Наконец-то она настала, их брачная ночь! Франсуа вдруг сделался робок, как мальчуган. Глядя на свою жену, он не осмеливался сделать первый шаг. Именно она переступила черту. От своей накидки Ариетта избавилась сразу же после мессы; теперь на ней оставалось лишь платье, и быстрыми движениями она стала стягивать его с себя. Франсуа тоже начал раздеваться, и мгновением позже Ариетта предстала перед ним нагая.

Он видел ее такой всего несколько минут, в промежуток между своим прозрением и тем моментом, когда они оделись, чтобы пойти сообщить эту новость. Тогда он так смутился, что его хватило лишь на игру слов: «Ариетта Ясногрудая!»

Ариетта Ясногрудая! Франсуа застыл, как громом пораженный, так велико было его восхищение, его изумление.
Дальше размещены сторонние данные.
Lemma spread_cross2 A k t (a b c d : int) : spread_ineq A -> admissible k t ->
  b = a + k%:Z -> c = a - t%:Z -> d = a + k%:Z + t%:Z ->
  A c * A (d - 2) + A (c - 2) * A d <= A a * A (b - 2) + A (a - 2) * A b.
Proof.
move=> spreadA ok eb ec ed.
case: t ok ec ed => [|t] ok ec ed.
  by have [-> ->] : c = a /\ d = b by split; lia.
case: k ok eb ed => [|[|k]] ok eb ed.
- case: t ok ec ed => [//|t] ok ec ed.
  have H1 := spreadA 2%N t.+2 ok
    (a - 2) a (c - 2) d ltac:(lia) ltac:(lia) ltac:(lia).
  have H2 := spreadA 2%N t ltac:(by rewrite -admissibleSSr)
    (a - 2) a c (d - 2) ltac:(lia) ltac:(lia) ltac:(lia).
  have -> : b = a by lia.
  lra.
- have H1 := spreadA 1%N t (@admissible_oddl 1%N _ isT)
    (b - 2) a c (d - 2) ltac:(lia) ltac:(lia) ltac:(lia).
  have H2 := spreadA 3%N t.+1 (@admissible_oddl 3%N _ isT)
    (a - 2) b (c - 2) d ltac:(lia) ltac:(lia) ltac:(lia).
  lra.
have H1 := spreadA k t.+1 ltac:(by rewrite -admissibleSSl)
  a (b - 2) c (d - 2) ltac:(lia) ltac:(lia) ltac:(lia).
have H2 := spreadA k.+4 t.+1 ltac:(by rewrite admissibleSSl)
  (a - 2) b (c - 2) d ltac:(lia) ltac:(lia) ltac:(lia).
lra.
Qed.

Definition conv3 (w0 w1 w2 : R) A : int -> R :=
  fun x => w0 * A x + w1 * A (x - 1) + w2 * A (x - 2).

Definition gap A (a b c d : int) := A a * A b - A c * A d.

Lemma spread_gap_ge0 A k t (s a b c d : int) : spread_ineq A -> admissible k t ->
  b = a + k%:Z -> c = a - t%:Z -> d = a + k%:Z + t%:Z ->
  0 <= gap A (a - s) (b - s) (c - s) (d - s).
Proof.
move=> spreadA ok eb ec ed; rewrite subr_ge0.
by apply: spreadA ok _ _ _ _ _ _ _; lia.
Qed.

(* Expanding the products, the diagonal terms give the weighted gaps and the
   off-diagonal ones pair up into the cross terms. *)
Lemma conv3_gap_ge A (w0 w1 w2 : R) k t (a b c d : int) :
  spread_ineq A -> admissible k t -> 0 <= w0 -> 0 <= w1 -> 0 <= w2 ->
  b = a + k%:Z -> c = a - t%:Z -> d = a + k%:Z + t%:Z ->
  w0 ^+ 2 * gap A a b c d + w1 ^+ 2 * gap A (a - 1) (b - 1) (c - 1) (d - 1)
  + w2 ^+ 2 * gap A (a - 2) (b - 2) (c - 2) (d - 2)
  <= gap (conv3 w0 w1 w2 A) a b c d.
Proof.
move=> spreadA ok w0_ge0 w1_ge0 w2_ge0 eb ec ed.
have X01 := spread_cross1 spreadA ok eb ec ed.
have X02 := spread_cross2 spreadA ok eb ec ed.
have X12 := spread_cross1 spreadA ok (a := a - 1) (b := b - 1) (c := c - 1) (d := d - 1)
  ltac:(lia) ltac:(lia) ltac:(lia).
have sub11 (x : int) : x - 1 - 1 = x - 2 by lia.
rewrite !sub11 in X12.
rewrite -subr_ge0 in X01; rewrite -subr_ge0 in X12; rewrite -subr_ge0 in X02.
have := mulr_ge0 (mulr_ge0 w0_ge0 w1_ge0) X01.
have := mulr_ge0 (mulr_ge0 w1_ge0 w2_ge0) X12.
have := mulr_ge0 (mulr_ge0 w0_ge0 w2_ge0) X02.
rewrite /gap /conv3; lra.
Qed.

Lemma spread_ineq_conv3 A (w0 w1 w2 : R) : spread_ineq A ->
  0 <= w0 -> 0 <= w1 -> 0 <= w2 -> spread_ineq (conv3 w0 w1 w2 A).
Proof.
move=> spreadA w0_ge0 w1_ge0 w2_ge0 k t ok a b c d eb ec ed; rewrite -subr_ge0.
apply: le_trans (conv3_gap_ge spreadA ok w0_ge0 w1_ge0 w2_ge0 eb ec ed).
have gap_term (s : int) (w : R) :=
  mulr_ge0 (sqr_ge0 w) (spread_gap_ge0 s spreadA ok eb ec ed).
have := gap_term 0 w0; have := gap_term 1 w1; have := gap_term 2 w2.
rewrite !subr0; lra.
Qed.

Definition strict_spread A (m : nat) := forall i : nat, (i < m)%N ->
  forall a b c d : int, a = i -> b = a + 1 -> c = a - 1 -> d = a + 2 ->
  A c * A d < A a * A b.

Lemma eq_spread_ineq A B : A =1 B -> spread_ineq A -> spread_ineq B.
Proof.
move=> eqAB spreadA k t ok a b c d eb ec ed; rewrite -!eqAB.
exact: spreadA ok _ _ _ _ eb ec ed.
Qed.

Lemma eq_strict_spread A B m : A =1 B -> strict_spread A m -> strict_spread B m.
Proof.
move=> eqAB strictA i lti a b c d ea eb ec ed; rewrite -!eqAB.
exact: strictA lti _ _ _ _ ea eb ec ed.
Qed.

(* Strictness at [i] is inherited from [A] at [i], [i - 1] or [i - 2] through a
   positive weight. *)
Lemma strict_spread_conv3 A (w0 w1 w2 : R) m m' :
  spread_ineq A -> strict_spread A m -> 0 <= w0 -> 0 <= w1 -> 0 <= w2 ->
  (forall i : nat, (i < m')%N -> [|| (i < m)%N && (0 < w0),
     (0 < i <= m)%N && (0 < w1) | (1 < i <= m.+1)%N && (0 < w2)]) ->
  strict_spread (conv3 w0 w1 w2 A) m'.
Proof.
move=> spreadA strictA w0_ge0 w1_ge0 w2_ge0 inherit i lti a b c d ea eb ec ed.
rewrite -subr_gt0.
have ok := @admissible_oddl 1%N 1%N isT.
have ed' : d = a + 1%:Z + 1%:Z by lia.
apply: lt_le_trans (conv3_gap_ge spreadA ok w0_ge0 w1_ge0 w2_ge0 eb ec ed').
have gap_term (s : int) (w : R) :=
  mulr_ge0 (sqr_ge0 w) (spread_gap_ge0 s spreadA ok eb ec ed').
have strict_term j s w : (j < m)%N -> j%:Z = i%:Z - s -> 0 < w ->
    0 < w ^+ 2 * gap A (a - s) (b - s) (c - s) (d - s).
  move=> ltj ej w_gt0; rewrite mulr_gt0 ?exprn_gt0 // subr_gt0.
  by apply: strictA ltj _ _ _ _ _ _ _ _; lia.
have := gap_term 0 w0; have := gap_term 1 w1; have := gap_term 2 w2; rewrite !subr0.
case/or3P: (inherit i lti) => /andP[lt_im w_gt0].
- by have := strict_term i 0 w0 lt_im ltac:(lia) w_gt0; rewrite !subr0; lra.
- by have := strict_term i.-1 1 w1 ltac:(lia) ltac:(lia) w_gt0; lra.
- by have := strict_term i.-2 2 w2 ltac:(lia) ltac:(lia) w_gt0; lra.
Qed.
Там, под правой грудью, остался след от турнирного копья и железа хирурга, удивительно похожий на сердце… Он прошептал смущенно:

— Метка любви!

Ариетта, зеленоглазая, рыжеволосая, торжествующе улыбалась ему. Когда Туссен рассказывал о турнире, он сравнил ее с богиней любви… Да, все именно так: Ариетта была богиней любви и имела на себе неопровержимое и чудесное тому доказательство. Они задули свечи и легли в постель.

Франсуа был неловок. Да и откуда взяться ловкости, когда держишь в объятиях саму богиню? В своих ласках он снова и снова неосознанно возвращался к ее шраму, пока Ариетта не призналась, что он все еще побаливает; это наполнило Франсуа смущением и добавило неловкости. Впрочем, Ариетте тоже было не по себе. Слишком велико было волнение; еще не настало время вести себя так, как она сама втайне желала…

Эта ночь не удалась? Подумаешь, важность! Будут еще и другие, и сколько! Франсуа подождал, пока Ариетта заснет, и тогда нежно, украдкой коснулся ее второго сердца — под правой грудью.

 

***

Франсуа и Ариетта де Вивре покинули Ланноэ через день, 27 декабря, в приму, и направились в сторону Куссона. Прежде чем наведаться в Вивре, Франсуа должен был посетить замок своего дяди, который отныне принадлежал ему.

Они прибыли в Куссон около полудня. С вечера ударил сильный мороз, и они никого не встретили по дороге. Крестьяне сидели по домам, сгрудившись вместе со скотиной возле своих очагов. Даже стража не сразу откликнулась со стен замка. Пока опускался подвесной мост, Франсуа не без волнения любовался знакомым силуэтом, похожим на большой корабль, гордо вознесшийся над замерзшей рекой.

Им навстречу вышел управляющий Куссона. Это был человек лет сорока с выразительным лицом, окаймленным темной бородой. Его вьющиеся волосы покрывала маленькая черная скуфейка. Франсуа благожелательно поздоровался с ним. Когда Франсуа еще мальчишкой явился в Куссон, управляющий уже был здесь. Юный де Вивре никогда особенно не присматривался к нему. Он знал только, что управляющего зовут Елеазар Симон и что он еврей. Очень часто они запирались вместе с дядей ради каких-то бесконечных разговоров, предмет которых нисколько не занимал мальчика. Франсуа заметил также, что Елеазар Симон, равно как и его сын Мардохей, казалось, питали к нему самому какое-то необъяснимое глубокое почтение.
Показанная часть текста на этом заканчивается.